Pompey resented him for Queeny, and for his instant possession of the dogs, but the fight had been a matter of form. If Pompey bore him a grudge it was well hidden, and none of the hundred other blacks he had met seemed to hold his position against him. Any resentment they might have felt for his clothes and his possession of Queeny vanished in the face of the bricklayer, who already had six of the slaves working under him and was laying the front walk, formerly a broad expanse of white gravel, in brick. He was demanding and brutal as only a man who has learned his leadership on a Jamaican plantation could be. As a skilled man, he had his own hut. As an outsider, he had already earned more than his share of enemies. He was working to get the front walk paved for the Master’s return to keep his place, and Cese had already heard rumors from the others of things that might have been done to the walk—chalk in the mortar, holes under the bricks to make cracks appear. Cese watched and learned, keeping his thoughts to himself.
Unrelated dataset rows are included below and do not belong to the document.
(* Let $c>0$, $F>1$, $s>0$ be constants. There exist constants $\varepsilon,\alpha_2>0$ depending only on $c,F$ such that for all sufficiently large $n$: if $Z^t\le\varepsilon n$ and $\lambda^t\le F$, then $$\mathbb E[Z^{t+1}-Z^t\mid x^t,\lambda^t]\ge\alpha_2.$$
   Context: Consider the SA-$(1,\lambda)$-EA on a dynamic monotone function: a function $f:\{0,1\}^n\to\mathbb R$ is monotone if $f(x)>f(y)$ whenever $x\ne y$ and $x_i\ge y_i$ for all $i$; $(f^t)_{t\ge0}$ is a sequence of monotone functions, $f^t$ possibly chosen adversarially depending on $x^t$. The algorithm (with constants $c>0$, $s>0$, $F>1$) maintains $x^t\in\{0,1\}^n$, real $\lambda^t\ge1$; in generation $t$ it creates $\lfloor\lambda^t\rceil$ (nearest integer) offspring, each independently by flipping every bit of $x^t$ independently with probability $c/n$; $x^{t+1}$ is an offspring maximizing $f^t$ (ties uniformly at random); $\lambda^{t+1}=\max\{1,\lambda^t/F\}$ if $f^t(x^{t+1})>f^t(x^t)$, else $\lambda^{t+1}=F^{1/s}\lambda^t$. $Z^t$ is the number of zero-bits of $x^t$. *)

From HB Require Import structures.
From mathcomp Require Import all_boot all_order all_algebra.
From mathcomp Require Import reals.
Set Implicit Arguments. Unset Strict Implicit. Unset Printing Implicit Defensive.
Import Order.TTheory GRing.Theory Num.Theory.
Local Open Scope ring_scope.

Definition bits (n : nat) := {ffun 'I_n -> bool}.

Definition zeros (n : nat) (x : bits n) : nat := #|[set i | ~~ x i]|.

Definition monotone_fun (R : realType) (n : nat) (f : bits n -> R) : Prop :=
  forall x y : bits n, x != y -> (forall i, y i <= x i)%N -> f y < f x.

(* nearest integer (halves rounded up), as a natural number; used for lambda >= 1 *)
Definition round_nat (R : realType) (l : R) : nat := Num.truncn (l + 2^-1).

(* probability that standard bit mutation with rate c/n turns x into y *)
Definition mut_prob (R : realType) (n : nat) (c : R) (x y : bits n) : R :=
  \prod_(i < n) (if x i == y i then 1 - c / n%:R else c / n%:R).

Definition best_set (R : realType) (n k : nat) (f : bits n -> R)
  (ys : {ffun 'I_k -> bits n}) : {set 'I_k} :=
  [set i | [forall j, f (ys j) <= f (ys i)]].

(* Expected value of Z(x^{t+1}) when x^t = x and k offspring are created:
   offspring independent by standard bit mutation, x^{t+1} uniformly random
   among the offspring (indices) maximising f. *)
Definition exp_next_zeros (R : realType) (n : nat) (c : R) (k : nat)
  (f : bits n -> R) (x : bits n) : R :=
  \sum_(ys : {ffun 'I_k -> bits n})
     (\prod_(i < k) mut_prob c x (ys i)) *
     ((\sum_(i in best_set f ys) (zeros (ys i))%:R) / (#|best_set f ys|)%:R).

(* E[Z^{t+1} - Z^t | x^t = x, lambda^t = l] for the SA-(1,lambda)-EA
   with fitness f^t = f *)
Definition drift_Z (R : realType) (n : nat) (c l : R) (f : bits n -> R)
  (x : bits n) : R :=
  exp_next_zeros c (round_nat l) f x - (zeros x)%:R.

From HB Require Import structures.
From mathcomp Require Import all_boot all_order all_algebra.
From mathcomp Require Import reals.
From mathcomp Require Import ring lra.
Import Order.TTheory GRing.Theory Num.Theory.
Local Open Scope ring_scope.
Set Implicit Arguments. Unset Strict Implicit.

(* Call an offspring a pure gain if it differs from the parent and no zero-bit
   was flipped.  If all [k] offspring are pure gains, the selected one has more
   zeros than the parent, whatever the fitness function; otherwise it loses at
   most the total number of flipped zero-bits, whose expectation is
   [k Z c / n = O(eps)].  An offspring is a pure gain with probability
   [(1 - c/n)^Z - (1 - c/n)^n], which is bounded below by a constant when
   [Z <= eps n], so the drift is at least [q^k - O(eps)] with [k <= F + 1/2]. *)

Section ProductDistribution.
Variables (R : comNzRingType) (I J : finType) (D : I -> J -> R).

Lemma sum_ffun_prod_mul_prod (g : I -> J -> R) :
  \sum_(f : {ffun I -> J}) (\prod_i D i (f i)) * \prod_i g i (f i)
  = \prod_i \sum_y D i y * g i y.
Proof. by rewrite bigA_distr_bigA; apply: eq_bigr => f _; rewrite big_split. Qed.

Hypothesis D_sum1 : forall i, \sum_y D i y = 1.

Lemma sum_ffun_prod1 : \sum_(f : {ffun I -> J}) \prod_i D i (f i) = 1.
Proof. by rewrite -bigA_distr_bigA; apply: big1 => i _. Qed.

Lemma sum_ffun_prod_mul_coord (h : J -> R) (j : I) :
  \sum_(f : {ffun I -> J}) (\prod_i D i (f i)) * h (f j) = \sum_y D j y * h y.
Proof.
pose g i y := if i == j then h y else 1.
transitivity (\sum_(f : {ffun I -> J}) (\prod_i D i (f i)) * \prod_i g i (f i)).
  by apply: eq_bigr => f _; rewrite /g -big_mkcond big_pred1_eq.
rewrite sum_ffun_prod_mul_prod (bigD1 j) //= [X in _ * X]big1 ?mulr1.
  by apply: eq_bigr => y _; rewrite /g eqxx.
by move=> i /negbTE ij; rewrite -(D_sum1 i); apply: eq_bigr => y _; rewrite /g ij mulr1.
Qed.

End ProductDistribution.

Lemma prodr_natb (R : comPzSemiRingType) (I : finType) (P : pred I) :
  \prod_i (P i)%:R = [forall i, P i]%:R :> R.
Proof.
case: (boolP [forall i, P i]) => [/forallP allP | /forallPn[i /negbTE nPi]].
  by rewrite big1 // => i _; rewrite allP.
by rewrite (bigD1 i) //= nPi mul0r.
Qed.

Lemma card_set_sumb (I : finType) (P : pred I) : #|[set i | P i]| = (\sum_i P i)%N.
Proof. by rewrite cardsE -sum1_card big_mkcond. Qed.

Lemma le_mean (R : numFieldType) (I : finType) (A : {set I}) (g : I -> R) (a : R) :
  A != set0 -> (forall i, i \in A -> a <= g i) -> a <= (\sum_(i in A) g i) / #|A|%:R.
Proof.
move=> A0 ag; rewrite ler_pdivlMr ?ltr0n ?card_gt0 // mulr_natr -sumr_const.
exact: ler_sum.
Qed.

Section Bernoulli.
Variables (R : realFieldType) (p : R).
Hypotheses (p_ge0 : 0 <= p) (p_le1 : p <= 1).

Lemma bernoulli_subrX_ge (m : nat) : 1 - m%:R * p <= (1 - p) ^+ m.
Proof.
elim: m => [|m IH]; first by rewrite expr0 mul0r subr0.
rewrite exprS -natr1.
have : (1 - p) * (1 - m%:R * p) <= (1 - p) * (1 - p) ^+ m by rewrite ler_wpM2l ?subr_ge0.
have : 0 <= m%:R * p * p by rewrite !mulr_ge0.
nra.
Qed.

Lemma bernoulli_subrX_mulD_le1 (m : nat) : (1 - p) ^+ m * (1 + m%:R * p) <= 1.
Proof.
elim: m => [|m IH]; first by rewrite expr0 mul0r addr0 mulr1.
rewrite exprS -natr1 -mulrA.
have step : (1 - p) * (1 + (m%:R + 1) * p) <= 1 + m%:R * p.
  have : 0 <= (m%:R + 1) * p * p by rewrite !mulr_ge0 ?addr_ge0.
  nra.
by apply: le_trans IH; rewrite mulrCA ler_wpM2l ?exprn_ge0 ?subr_ge0.
Qed.

End Bernoulli.

Definition lost_zeros n (x y : bits n) : nat := #|[set i | ~~ x i && y i]|.
Definition pure_gain n (x y : bits n) : bool := (lost_zeros x y == 0%N) && (y != x).

Section Bits.
Variables (n : nat) (x y : bits n).

Lemma lost_zeros_eq0 : (lost_zeros x y == 0%N) = [forall i, x i || ~~ y i].
Proof.
rewrite /lost_zeros cards_eq0; apply/eqP/forallP => [/setP E i | E].
  by have := E i; rewrite !inE; case: (x i); case: (y i).
by apply/setP => i; have := E i; rewrite !inE; case: (x i); case: (y i).
Qed.

Lemma zeros_le_addl_lost : (zeros x <= zeros y + lost_zeros x y)%N.
Proof.
apply: leq_trans (leq_card_setU _ _); apply: subset_leq_card.
by apply/subsetP => i; rewrite !inE; case: (x i); case: (y i).
Qed.

Lemma pure_gain_zeros_lt : pure_gain x y -> (zeros x < zeros y)%N.
Proof.
rewrite /pure_gain lost_zeros_eq0 => /andP[/forallP yx y_neq_x].
apply: proper_card; apply/properP; split.
  by apply/subsetP => i; rewrite !inE; have := yx i; case: (x i); case: (y i).
have [i yi_neq_xi] : exists i, y i != x i.
  apply/existsP; apply: contraNT y_neq_x; rewrite negb_exists => /forallP E.
  by apply/eqP/ffunP => i; apply/eqP; rewrite -[_ == _]negbK E.
by exists i; rewrite !inE; move: yi_neq_xi (yx i); case: (x i); case: (y i).
Qed.

End Bits.

Section Mutation.
Variables (R : realType) (n : nat) (c : R) (x : bits n).
Local Notation p := (c / n%:R).
Let bit_prob (i : 'I_n) (b : bool) : R := if x i == b then 1 - p else p.

Lemma bit_prob_sum1 i : \sum_b bit_prob i b = 1.
Proof. by rewrite big_bool /bit_prob; case: (x i) => /=; ring. Qed.

Lemma mut_prob_sum1 : \sum_y mut_prob c x y = 1.
Proof. exact: (sum_ffun_prod1 bit_prob_sum1). Qed.

Lemma mut_prob_ge0 y : 0 <= p <= 1 -> 0 <= mut_prob c x y.
Proof. by case/andP=> p0 p1; apply: prodr_ge0 => i _; case: ifP; rewrite ?subr_ge0. Qed.

Lemma mut_prob_self : mut_prob c x x = (1 - p) ^+ n.
Proof.
rewrite /mut_prob (eq_bigr (fun=> 1 - p)) => [|i _]; last by rewrite eqxx.
by rewrite prodr_const card_ord.
Qed.

Lemma expected_lost_zeros :
  \sum_y mut_prob c x y * (lost_zeros x y)%:R = (zeros x)%:R * p.
Proof.
transitivity (\sum_j \sum_(y : bits n) (\prod_i bit_prob i (y i)) * (~~ x j && y j)%:R).
  rewrite exchange_big /=; apply: eq_bigr => y _.
  by rewrite /lost_zeros card_set_sumb natr_sum mulr_sumr.
rewrite /zeros card_set_sumb natr_sum mulr_suml; apply: eq_bigr => j _.
rewrite (sum_ffun_prod_mul_coord bit_prob_sum1 (fun b => (~~ x j && b)%:R)).
by rewrite big_bool /bit_prob; case: (x j) => /=; ring.
Qed.

Lemma prob_pure_gain :
  \sum_y mut_prob c x y * (pure_gain x y)%:R = (1 - p) ^+ (zeros x) - (1 - p) ^+ n.
Proof.
have gainE y : (pure_gain x y)%:R = \prod_i (x i || ~~ y i)%:R - (y == x)%:R :> R.
  rewrite prodr_natb -lost_zeros_eq0 /pure_gain.
  case: (eqVneq y x) => [-> | _]; last by rewrite andbT subr0.
  have -> : lost_zeros x x == 0%N by rewrite lost_zeros_eq0; apply/forallP => i; case: (x i).
  by rewrite andbF subrr.
rewrite (eq_bigr _ (fun y _ => congr1 _ (gainE y))).
under eq_bigr do rewrite mulrBr mulr_natr mulrb.
rewrite sumrB -big_mkcond big_pred1_eq mut_prob_self.
rewrite (sum_ffun_prod_mul_prod bit_prob (fun i b => (x i || ~~ b)%:R)).
rewrite /zeros -prodr_const; congr (_ - _); rewrite [RHS]big_mkcond; apply: eq_bigr => i _.
by rewrite inE big_bool /bit_prob; case: (x i) => /=; ring.
Qed.

Lemma prob_pure_gain_ge :
  0 < c -> c <= n%:R ->
  (zeros x)%:R * p <= 1 / 2 -> (zeros x)%:R * p <= c / 2 ->
  c / (2 * (2 + c)) <= (1 - p) ^+ (zeros x) - (1 - p) ^+ n.
Proof.
move=> c_gt0 c_le_n Zp_le Zp_le_c.
have n_gt0 : 0 < n%:R :> R by apply: lt_le_trans c_le_n.
have np : n%:R * p = c by rewrite mulrC mulfVK ?gt_eqF.
have p0 : 0 <= p by rewrite divr_ge0 // ltW.
have p1 : p <= 1 by rewrite ler_pdivrMr ?mul1r.
have Zn : (zeros x <= n)%N by apply: leq_trans (max_card _) _; rewrite card_ord.
set m := (n - zeros x)%N.
have mp : c / 2 <= m%:R * p by rewrite natrB // mulrBl np; lra.
have -> : (1 - p) ^+ n = (1 - p) ^+ zeros x * (1 - p) ^+ m by rewrite -exprD subnKC.
(* [v >= 1 - Z p >= 1/2] and [u <= 1 / (1 + (n - Z) p) <= 2 / (2 + c)]. *)
have v_ge := bernoulli_subrX_ge p0 p1 (zeros x).
have u_le := bernoulli_subrX_mulD_le1 p0 p1 m.
set v := (1 - p) ^+ zeros x in v_ge *; set u := (1 - p) ^+ m in u_le *.
have u0 : 0 <= u by rewrite exprn_ge0 ?subr_ge0.
have uc : u * (2 + c) <= 2.
  have : u * (c / 2) <= u * (m%:R * p) by rewrite ler_wpM2l.
  lra.
rewrite ler_pdivrMr; last by nra.
have : 0 <= v * (2 - u * (2 + c)) by apply: mulr_ge0; lra.
have : 0 <= (v - 1 / 2) * c by apply: mulr_ge0; lra.
nra.
Qed.

End Mutation.

Lemma offspring_zeros_ge (R : numDomainType) n k (x : bits n)
    (ys : {ffun 'I_k -> bits n}) (j : 'I_k) :
  (zeros x)%:R + \prod_i (pure_gain x (ys i))%:R - \sum_i (lost_zeros x (ys i))%:R
  <= (zeros (ys j))%:R :> R.
Proof.
rewrite prodr_natb; case: (boolP [forall i, _]) => [/forallP allgain | _].
  rewrite big1 ?subr0 ?natr1 ?ler_nat ?pure_gain_zeros_lt // => i _.
  by have /andP[/eqP -> _] := allgain i.
rewrite addr0 lerBlDr (bigD1 j) //= addrA -natrD.
have := zeros_le_addl_lost x (ys j); rewrite -(ler_nat R) => /le_trans; apply.
by rewrite lerDl sumr_ge0.
Qed.

Lemma best_set_neq0 (R : realType) n k (f : bits n -> R) (ys : {ffun 'I_k -> bits n}) :
  (0 < k)%N -> best_set f ys != set0.
Proof.
move=> k_gt0; have [i _ imax] := @arg_maxP _ _ _ (Ordinal k_gt0) xpredT (f \o ys) isT.
by apply/set0Pn; exists i; rewrite inE; apply/forallP => j; exact: imax.
Qed.

Lemma exp_next_zeros_ge (R : realType) n (c : R) k (f : bits n -> R) (x : bits n) :
  (0 < k)%N -> 0 <= c / n%:R <= 1 ->
  (zeros x)%:R + (\sum_y mut_prob c x y * (pure_gain x y)%:R) ^+ k
     - k%:R * ((zeros x)%:R * (c / n%:R)) <= exp_next_zeros c k f x.
Proof.
move=> k_gt0 p01.
pose D (i : 'I_k) y := mut_prob c x y.
have D_sum1 i : \sum_y D i y = 1 by exact: mut_prob_sum1.
pose L (ys : {ffun 'I_k -> bits n}) : R := (zeros x)%:R
  + \prod_i (pure_gain x (ys i))%:R - \sum_i (lost_zeros x (ys i))%:R.
have mean_L : \sum_(ys : {ffun 'I_k -> bits n}) (\prod_i D i (ys i)) * L ys
    = (zeros x)%:R + (\sum_y mut_prob c x y * (pure_gain x y)%:R) ^+ k
      - k%:R * ((zeros x)%:R * (c / n%:R)).
  under eq_bigr do rewrite /L mulrBr mulrDr mulr_sumr.
  rewrite sumrB big_split /= -mulr_suml sum_ffun_prod1 // mul1r.
  rewrite (sum_ffun_prod_mul_prod D (fun _ y => (pure_gain x y)%:R)) exchange_big /=.
  under [X in _ - X]eq_bigr do rewrite (sum_ffun_prod_mul_coord D_sum1 (fun y => (lost_zeros x y)%:R)).
  by rewrite /D expected_lost_zeros prodr_const sumr_const card_ord -[_ *+ k]mulr_natl.
rewrite -mean_L.
apply: ler_sum => ys _; apply: ler_wpM2l; first by apply: prodr_ge0 => i _; exact: mut_prob_ge0.
by apply: le_mean; [exact: best_set_neq0 | move=> j _; exact: offspring_zeros_ge].
Qed.

Lemma round_nat_gt0 (R : realType) (l : R) : 1 <= l -> (0 < round_nat l)%N.
Proof. by move=> l1; rewrite truncn_gt0; lra. Qed.

Lemma le_round_nat (R : realType) (l l' : R) : l <= l' -> (round_nat l <= round_nat l')%N.
Proof. by move=> ll'; apply: le_truncn; rewrite lerD2r. Qed.

Lemma drift_Z_ge (R : realType) n (c : R) (x : bits n) (f : bits n -> R) (lam q : R) K :
  0 <= c / n%:R <= 1 -> 1 <= lam -> (round_nat lam <= K)%N ->
  0 <= q <= 1 -> q <= \sum_y mut_prob c x y * (pure_gain x y)%:R ->
  q ^+ K - K%:R * ((zeros x)%:R * (c / n%:R)) <= drift_Z c lam f x.
Proof.
move=> p01 lam1 kK /andP[q0 q1] q_le.
have k_gt0 := round_nat_gt0 lam1.
have := exp_next_zeros_ge f x k_gt0 p01; rewrite /drift_Z.
set P := \sum_y _; set k := round_nat lam; set Zp := _ * (c / n%:R).
have Zp0 : 0 <= Zp by case/andP: p01 => p0 _; rewrite mulr_ge0.
have qK : q ^+ K <= P ^+ k.
  apply: le_trans (ler_wiXn2l q0 q1 kK) _.
  by rewrite lerXn2r ?nnegrE // (le_trans q0).
have kK' : k%:R * Zp <= K%:R * Zp by rewrite ler_wpM2r ?ler_nat.
lra.
Qed.

Theorem mainTheorem18 (R : realType) (c F : R) :
  0 < c -> 1 < F ->
  exists eps alpha2 : R, 0 < eps /\ 0 < alpha2 /\
    forall s : R, 0 < s ->
    exists N : nat, forall n : nat, (N <= n)%N ->
      forall (x : bits n) (lam : R) (f : bits n -> R),
        monotone_fun f ->
        1 <= lam -> lam <= F ->
        (zeros x)%:R <= eps * n%:R ->
        alpha2 <= drift_Z c lam f x.
Proof.
move=> c_gt0 F_gt1.
set K := round_nat F; set q := c / (2 * (2 + c)); set a := q ^+ K / 2.
have q0 : 0 < q by rewrite divr_gt0 //; nra.
have q1 : q <= 1 by rewrite ler_pdivrMr ?mul1r; nra.
have a0 : 0 < a by rewrite divr_gt0 // exprn_gt0.
have a1 : a <= 1 / 2 by have := exprn_ile1 K (ltW q0) q1; rewrite /a; lra.
have K0 : 0 <= K%:R :> R := ler0n _ _.
have D0 : 0 < (K%:R + 2) * (c + 2) by nra.
set eps := a / ((K%:R + 2) * (c + 2)).
have epsE : eps * ((K%:R + 2) * (c + 2)) = a by rewrite mulfVK ?gt_eqF.
have eps0 : 0 < eps by rewrite divr_gt0.
exists eps, a; do 2 split => //; move=> _ _.
exists (Num.truncn c).+2 => n n_big x lam f _ lam1 lamF Zn.
have c_le_n : c <= n%:R by rewrite (le_trans (ltW (truncnS_gt c))) // ler_nat ltnW.
have n0 : 0 < n%:R :> R by apply: lt_le_trans c_le_n.
have Zp : (zeros x)%:R * (c / n%:R) <= eps * c.
  by rewrite mulrA ler_pdivrMr // mulrAC; apply: ler_wpM2r => //; exact: ltW.
have p01 : 0 <= c / n%:R <= 1.
  by apply/andP; split; [rewrite divr_ge0 // ltW | rewrite ler_pdivrMr ?mul1r].
have q_le : q <= \sum_y mut_prob c x y * (pure_gain x y)%:R.
  by rewrite prob_pure_gain prob_pure_gain_ge //; nra.
have := drift_Z_ge f p01 lam1 (le_round_nat lamF) (introT andP (conj (ltW q0) q1)) q_le.
have : K%:R * ((zeros x)%:R * (c / n%:R)) <= a by nra.
rewrite /a; lra.
Qed.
The other slaves were a mixture, their names and faces still a blur in his head, alien faces, Ebo and Efik and Teke, Luo and Seke and others from further inland. There were no other Yoruba or Ashanti soldiers, hardly any Benin at all, and they half-castes from the coast. His mother had once said that there was good even in an Ebo, if one was patient, and he schooled himself to patience. Queeny was good company, and the work was light compared to the Indies.
He asked Queeny about the threatened attacks on the front walk.
“Oh, it do happen, Caesa’. It do.”
“In the Indies they rack a slave till they know who done it.”
Queeny shook her head. “This ain’t the Indies, boy. You be ‘spectful, you smile, but then you keep some fo’ you. If’n they push hard, you break yo’ tools. If’n they ‘spect you to work all night, you spoil yo’ work. Every one of us know to do this, Caesa’. You pay ‘tention, boy. Indies slaves work too hard, too ‘fraid. Make the otha’s look bad.”
“Queeny, I be’nt afraid. If’n you’s so brave, why not run?”
“Some do. It be a hahd life, Caesa’. Hahd in woods, and hahd on the road, and the devil to pay if they catch you.”
“I heah no slaves in England.”
“English ship brought me heah. English mans run the farms. You know ‘bout Flo-ri-da?”
“No. You tell me.”
“Some time I tell you ‘bout John Canno. But you walk careful, listen to what I tell you. Be ‘spectful, but keep some back.”
“I heah you. I hear you.”
“Cause they don’ really thank you fo’ it, Caesa’. If’n they nice o’ if’n they nasty, you still a slave.”
“You know ‘bout Somerset, though?”
“I know I hear fools say we all be free. He one man. Good fo’ him, I say. He free. I ain’ free.”
Cese looked at the ground a minute, and kept his thoughts to himself.
Today, I am a slave.
Washington rode easily, one leg cocked up over the pintle of his saddle. He had almost reached his own land and had nothing but pleasure ahead of him. He looked forward to a release from politics for a few days, because the incessant clamor against the home country could be fairly shrill. In darker moments, he wondered that they dared. In others, he suspected that they were simply grumbling like soldiers on a long march. Soon enough, the debts from the Great War would be paid, and surely then the politics would return to something like normalcy.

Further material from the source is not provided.